Rashied Ali chronology
| New Directions in Modern Music (1973) | Moon Flight (1976) | N.Y. Ain't So Bad (1976) |

= Moon Flight =

Moon Flight is an album by drummer Rashied Ali on which he is featured in quartet and quintet settings. It was recorded on August 26, 1975, at Studio 77 in New York City, and was released on vinyl in 1976 by Ali's Survival Records. In 1999, it was reissued on CD by Survival in conjunction with the Knit Classics label.

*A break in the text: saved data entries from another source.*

(* Among [k+2] consecutive windows two agree; without right special positions
   the agreement would propagate forever and make [eps] eventually periodic. *)
Lemma right_special_recurrent k :
  ~ eventually_periodic eps -> (1 <= k)%nat ->
  forall K, exists p, (K <= p)%Z /\ right_special_at eps k p.
Proof.
  intros NP Hk K. apply NNPP. intros No.
  assert (Det : forall p y, (K <= p)%Z -> factor eps p k = factor eps y k ->
                  eps (p + Z.of_nat k)%Z = eps (y + Z.of_nat k)%Z).
  { intros p y Hp E. apply NNPP. intros D. apply No. exists p. split; auto. exists y. auto. }
  destruct (Hcomp k) as [sk [NDk [Lk Ink]]].
  destruct (pigeonhole (fun i => factor eps (K + Z.of_nat i)%Z k) sk (S k) Lk)
    as [i [j [Hij Eij]]].
  { intros i _. apply Ink. eauto. }
  set (a := (K + Z.of_nat i)%Z) in *. set (b := (K + Z.of_nat j)%Z) in *.
  assert (W : forall n : nat, factor eps (a + Z.of_nat n) k = factor eps (b + Z.of_nat n) k).
  { intros n. apply factor_eq_forward; auto.
    intros m _ Em. symmetry. apply Det; [unfold b; lia|auto]. }
  apply NP. exists (b - a)%Z, a. split; [unfold a, b; lia|].
  intros n Hn. specialize (W (Z.to_nat (n - a))). apply factor_eq_head in W; auto.
  rewrite Z2Nat.id in W by lia.
  replace (a + (n - a))%Z with n in W by lia. rewrite W. f_equal. lia.
Qed.

End RightSpecial.

Definition counts_V (eps : bseq) (h : Z -> Z) : Prop :=
  forall n, h (n + 1)%Z = (h n + vweight (eps n))%Z.

Definition weight (h : Z -> Z) (i : Z) (L : nat) : Z := (h (i + Z.of_nat L) - h i)%Z.

Definition balanced_at (h : Z -> Z) (L : nat) : Prop :=
  forall i j, (weight h i L - weight h j L <= 1)%Z.

Lemma weight_add h i (a b : nat) :
  weight h i (a + b) = (weight h i a + weight h (i + Z.of_nat a) b)%Z.
Proof.
  unfold weight. rewrite Nat2Z.inj_add, Z.add_assoc. lia.
Qed.

Lemma weight_diff_of_common_prefix h x y (d k : nat) :
  (1 <= d <= S k)%nat -> (forall L, (L <= k)%nat -> balanced_at h L) ->
  weight h x d = weight h y d -> (weight h x (S k) - weight h y (S k) <= 1)%Z.
Proof.
  intros Hd Bal E. replace (S k) with (d + (S k - d))%nat by lia. rewrite !weight_add.
  pose proof (Bal (S k - d)%nat ltac:(lia) (x + Z.of_nat d)%Z (y + Z.of_nat d)%Z). lia.
Qed.

Section Weights.

Variables (eps : bseq) (h : Z -> Z).
Hypothesis Hh : counts_V eps h.

Lemma weight_succ x n : weight h x (S n) = (weight h x n + vweight (eps (x + Z.of_nat n)%Z))%Z.
Proof.
  unfold weight. rewrite Nat2Z.inj_succ, <- Z.add_1_r, Z.add_assoc, Hh. lia.
Qed.
Definition approx_pinv (eps : R) (Z M U : 'M[R]_n) : Prop :=
  (forall x, in_ker U x -> in_ker M x) /\
  (forall x, in_ker M x <-> in_ker M^T x) /\
  (forall x, in_ker M x <-> in_ker Z x) /\
  (forall x, in_ker M x <-> in_ker Z^T x) /\
  (forall P, is_orth_proj_im P M -> opnorm_le U (P - Z *m M) eps).

Definition is_mp_pinv (Z M : 'M[R]_n) : Prop :=
  M *m Z *m M = M /\ Z *m M *m Z = Z /\
  (M *m Z)^T = M *m Z /\ (Z *m M)^T = Z *m M.

End Defs.

From HB Require Import structures.
From mathcomp Require Import all_boot all_order all_algebra ring lra.
Set Implicit Arguments. Unset Strict Implicit. Unset Printing Implicit Defensive.
Import Order.TTheory GRing.Theory Num.Theory.
Local Open Scope ring_scope.

(* Write L0 := dlap w0, S0 := symm_part L0 and L1 := dlap (partial_symm beta w0).
   As w0 is Eulerian, L1 = beta S0 + L0, the partially symmetrized graph is again
   Eulerian, and U := symm_part L1 = (1 + beta) S0.  For an Eulerian Laplacian,
   2 x^T L x = sum_ij w_ij (x_i - x_j)^2, so L, L^T and symm_part L have the same
   kernel; hence L0, L1, L1^T and U all share one kernel, and the orthogonal
   projection onto im L0 is L1^+ L1.  Then
   I - L1^+ L0 = L1^+ (L1 - L0) = beta / (1 + beta) * L1^+ U, and L1^+ U is a
   U-contraction: v := L1^+ U x satisfies L1 v = U x, so |v|_U^2 = v^T U x and
   0 <= |v - x|_U^2 = |x|_U^2 - |v|_U^2. *)

Section KernelFactorization.
Variables (R : comPzRingType) (n : nat).
Implicit Types (P Q : 'M[R]_n) (x : 'cV[R]_n).

Lemma mulmx_cV_inj P Q : (forall x, P *m x = Q *m x) -> P = Q.
Proof.
move=> eqPQ; apply/matrixP => i j.
have := congr1 (fun v : 'cV[R]_n => v i 0) (eqPQ (delta_mx j 0)).
by rewrite -!colE !mxE.
Qed.

Lemma mulmx_idem_ker P Q : Q *m Q = Q ->
  (forall x, Q *m x = 0 -> P *m x = 0) -> P *m Q = P.
Proof.
move=> QQ kerQP; apply: mulmx_cV_inj => x.
have /kerQP : Q *m (x - Q *m x) = 0 by rewrite mulmxBr mulmxA QQ subrr.
by rewrite mulmxBr mulmxA => /subr0_eq.
Qed.

Lemma orth_proj_eq P Q :
  P^T = P -> P *m P = P -> Q^T = Q -> Q *m Q = Q ->
  (forall x, P *m x = 0 <-> Q *m x = 0) -> P = Q.
Proof.
move=> PT PP QT QQ kerPQ.
have PQP : P *m Q = P by apply: mulmx_idem_ker => // x /kerPQ.
have QPQ : Q *m P = Q by apply: mulmx_idem_ker => // x /kerPQ.
by rewrite -PT -PQP trmx_mul PT QT QPQ.
Qed.

End KernelFactorization.

Section QuadraticForm.
Variables (R : comPzRingType) (n : nat).
Implicit Types (M N : 'M[R]_n) (x y : 'cV[R]_n).

Definition qform M x : R := (x^T *m M *m x) 0 0.
Definition initial_ok :=
  ((0, 29, 0) \in tight_states 8)
  && all (fun s : nat * nat * nat => (s.2 != 0) || (s.1.2 \in [:: 23; 29])) (tight_states 8).

(* One evaluation for all checks, so that the potential tables are computed only once. *)
Lemma certificate : [&& potential_ok, boundary_ok, periodic_ok, successors_ok & initial_ok].
Proof. by vm_compute. Qed.

Lemma potential_step a b c q : a < 32 -> b < 32 -> c < 32 -> q < 9 -> row_ok a b c ->
  3 * popcount b + potential q a b <= 10 + potential (next_phase q) b c.
Proof.
case/and5P: certificate; rewrite /potential_ok => /all_phasesP H _ _ _ _ Ha Hb Hc Hq Hok.
by move: (H q Hq) => /all_codesP/(_ a Ha)/all_codesP/(_ b Hb)/all_codesP/(_ c Hc); rewrite Hok orbF.
Qed.

Lemma potential_start y : y < 32 -> potential 0 0 y = 20.
Proof.
by case/and5P: certificate; rewrite /boundary_ok => _ /andP[/all_codesP H _] _ _ _ /H/eqP.
Qed.

Lemma potential_end x : x < 32 -> potential 8 x 0 <= 24.
Proof. by case/and5P: certificate; rewrite /boundary_ok => _ /andP[_ /all_codesP H] _ _ _ /H. Qed.

Lemma mem_tight_pred S a b c q : a < 32 -> q < 9 -> tight a b c q ->
  (b, c, next_phase q) \in S -> (a, b, q) \in tight_pred S.
Proof.
move=> Ha Hq Ht HS; rewrite mem_undup; apply/flatten_mapP; exists (b, c, next_phase q) => //.
rewrite mem_filter; apply/andP; split; first by rewrite /= eqxx Ht.
by apply/allpairsP; exists (a, q); split; rewrite ?mem_codes ?mem_iota.
Qed.

Lemma tight_states_step u : u < 9 ->
  {subset tight_pred (tight_states u) <= tight_states (next_phase u)}.
Proof.
case/and5P: certificate; rewrite /periodic_ok => _ _ /allP periodic _ _.
by rewrite /next_phase; case: eqP => [-> _ | _ _ s]; [exact: periodic | apply].
Qed.

Lemma tight_states0 : tight_states 0 = end_states.
Proof. by []. Qed.

Lemma mem_end_states x : x < 32 -> potential 8 x 0 = 24 -> (x, 0, 8) \in end_states.
Proof. by move=> Hx Hp; apply/mapP; exists x; rewrite ?mem_filter ?Hp ?eqxx ?mem_codes. Qed.

Lemma end_statesP s : s \in end_states -> s.1.2 = 0 /\ potential 8 s.1.1 0 = 24.
Proof.
rewrite /end_states => /mapP[x]; rewrite mem_filter => /andP[/eqP Hx _] ->.
by split; last exact: Hx.
Qed.

Lemma successorsE v s : v < 9 -> s \in tight_states (next_phase v) ->
  successors s (tight_states v) = [:: next_row s v].
Proof.
case/and5P: certificate; rewrite /successors_ok => _ _ _ /all_phasesP H _ Hv.
move=> /(allP (H v Hv)).
by rewrite /next_row; case: (successors _ _) => [|c []].
Qed.

Lemma mem_successors s S c : (c \in successors s S) =
  [&& c < 32, tight s.1.1 s.1.2 c s.2 & (s.1.2, c, next_phase s.2) \in S].
Proof. by rewrite mem_filter mem_codes andbC andbA. Qed.

Lemma initial_state : (0, 29, 0) \in tight_states 8.
Proof. by case/and5P: certificate; rewrite /initial_ok => _ _ _ _ /andP[H _]; exact: H. Qed.

Lemma initial_state_row s : s \in tight_states 8 -> s.2 = 0 -> s.1.2 = 23 \/ s.1.2 = 29.
Proof.
case/and5P: certificate; rewrite /initial_ok => _ _ _ _ /andP[_ /allP H].
move=> /H + Hq; rewrite Hq /= !inE.
by case/orP=> /eqP; [left | right].
Qed.
(* Splicing orbit segments: the past of x up to time N, a walk from x_N to
   x'_(-M), and the future of x' from time -M form a point z which agrees
   with x on [-N, N] and whose image under sigma^(N+L+M) agrees with x' on
   [-M, M], with the corresponding Birkhoff sum. *)
Lemma splice (x x' : Sigma C) (N M : nat) w :
  walk C h (sval x N%:Z) (sval x' (- M%:Z)) w ->
  exists (z : Sigma C) (n : nat),
    [/\ agree N x z, agree M x' (iter n (@shift S C) z) &
        birkhoff h z n = weight h (sval x) 0 N + w + weight h (sval x') (- M%:Z) M].
Proof.
move=> [y [L [Hy y0 yL <-]]].
pose q := glue y (sval x') L%:Z (- M%:Z).
have Hq : admissible C q by apply: admissible_glue => //; apply: svalP.
have xq : sval x N%:Z = q 0 by rewrite /q glue_l // y0.
pose f := glue (sval x) q N%:Z 0.
have Hf : admissible C f by apply: admissible_glue => //; apply: svalP.
have f_mid k : 0 <= k -> f (N%:Z + k) = q k.
  by move=> k_ge0; rewrite /f (glue_r xq) ?lerDl // addr0 (addrC N%:Z) addrK.
have q_end k : 0 <= k -> q (L%:Z + k) = sval x' (k - M%:Z).
  by move=> k_ge0; rewrite /q (glue_r yL) ?lerDl // (addrC L%:Z) addrK.
exists (exist _ f Hf), (N + L + M)%N; split.
- by move=> i /absz_le_bounds /andP [_ le_iN]; rewrite /= /f glue_l.
- move=> i /absz_le_bounds /andP [le_Mi _]; rewrite iter_shift /=.
  have iM_ge0 : 0 <= i + M%:Z by rewrite -(addNr M%:Z) lerD2r.
  have -> : i + (N + L + M)%N%:Z = N%:Z + (L%:Z + (i + M%:Z)).
    by rewrite !PoszD addrC -!addrA (addrC M%:Z).
  rewrite f_mid; last by rewrite addr_ge0.
  by rewrite (q_end _ iM_ge0) addrK.
rewrite birkhoff_weight /= !weight_split; congr (_ + _ + _); apply: weight_ext.
- by move=> k le_kN; rewrite !add0r /f glue_l // lez_nat.
- by move=> k le_kL; rewrite !add0r f_mid // /q glue_l // lez_nat.
move=> k _; rewrite !add0r PoszD -addrA f_mid ?addr_ge0 //.
by rewrite (q_end k%:Z isT) addrC.
Qed.

End Splice.

Section Transitivity.
Variables (S : countType) (C : S -> S -> bool) (G : zmodType) (h : S -> S -> G).

(* (b) => (a): to go from a cylinder U x {g} to a cylinder V x {g'} modulo Gam,
   splice the segment of x leaving U, a loop at x_N whose weight corrects the
   group coordinate modulo Gam, a walk from x_N to x'_(-M), and the segment
   of x' entering V. *)
Lemma ftp_of_gen :
  transitive_shift C -> (forall g, in_gen (disp C h) g) -> ftp C h.
Proof.
move=> Htr genD Gam subGam finGam U V [_ U_open] [V_sat V_open] [x [g Uxg]] [x' [g' Vx'g']].
have [N UN] := U_open _ _ Uxg.
have [M VM] := V_open _ _ Vx'g'.
have occ_xN := occurs_at N%:Z (svalP x).
have [w0 xN_x'M] := walk_of_transitive h Htr occ_xN (occurs_at (- M%:Z) (svalP x')).
pose A := weight h (sval x) 0 N.
pose B := weight h (sval x') (- M%:Z) M.
have [w1 [loop_w1 Gw1]] :=
  gen_disp_loop_class subGam finGam Htr occ_xN (genD (g' - (g + A + w0 + B))).
have [z [n [xz x'z bz]]] := splice (walk_cat loop_w1 xN_x'M).
exists n, z, g; split; first exact: UN.
rewrite iter_skew /=.
have Gc : Gam (g + birkhoff h z n - g').
  by have := subgN subGam Gw1; rewrite bz !opprB (addrCA A) !addrA (addrC g w1).
by have := V_sat _ _ _ Gc (VM _ x'z); rewrite addrC subrK.
Qed.

(* Transitivity from [s_0 = a] x Gam to [s_0 = a] x (g0 + Gam)
   yields a closed walk at a whose weight lies in g0 + Gam. *)
Lemma gen_of_transitive_quot (Gam : G -> Prop) :
  is_subgroup Gam -> inhabited (Sigma C) -> transitive_quot C h Gam ->
  forall g0, saturation Gam (in_gen (disp C h)) g0.
Proof.
move=> subGam [x0] Htq g0; pose a := sval x0 0.
pose U (y : Sigma C) (g : G) := sval y 0 = a /\ Gam g.
pose V (y : Sigma C) (g : G) := sval y 0 = a /\ Gam (g - g0).
have cyl y y' : agree 0 y y' -> sval y' 0 = sval y 0 by apply.
have U_open : open_quot Gam U.
  split; first by move=> y g c Gc [ya Gg]; split => //; apply: (subgD subGam).
  by move=> y g [ya Gg]; exists 0%N => y' /cyl; rewrite ya.
have V_open : open_quot Gam V.
  split; first by move=> y g c Gc [ya Gg]; split => //; rewrite addrAC; apply: (subgD subGam).
  by move=> y g [ya Gg]; exists 0%N => y' /cyl; rewrite ya.
have U0 : exists y g, U y g by exists x0, 0; split => //; apply: subg0.
have V0 : exists y g, V y g by exists x0, g0; split; rewrite ?subrr //; apply: subg0.
have [n [x [g [[xa Gg] Vxg]]]] := Htq U V U_open V_open U0 V0.
move: Vxg; rewrite iter_skew /= /V iter_shift add0r => -[xn Gn].
exists (birkhoff h x n); split.
  case: n xn Gn => [|n] xn Gn; first by rewrite /birkhoff big_ord0; apply: gen0.
  by apply: genX; rewrite birkhoff_weight; apply: closed_walk_disp; rewrite ?xn ?xa //; apply: svalP.
by have := subgB subGam Gg Gn; rewrite opprB opprD addrCA addNKr.
Qed.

On the album, Ali is joined by saxophonists Marvin Blackman and James Vass, pianist Charles Eubanks, and bassist Benny Wilson.

==Reception==

In a review for AllMusic, Al Campbell noted that the band "didn't have to struggle to keep up with" Ali's polyrhythmic approach, and stated that the "free jazz landscape" of four of the album's tracks is nicely balanced by the inclusion of Mal Waldron's "Soul Eyes" and John Coltrane's "Naima".

The authors of The Penguin Guide to Jazz Recordings commented that, in relation to the other Survival releases, "this is probably the only one that stands up entirely on its own terms," and suggested that the two ballads are "a sign perhaps that this is a gentler, more reflective and lyrical Ali."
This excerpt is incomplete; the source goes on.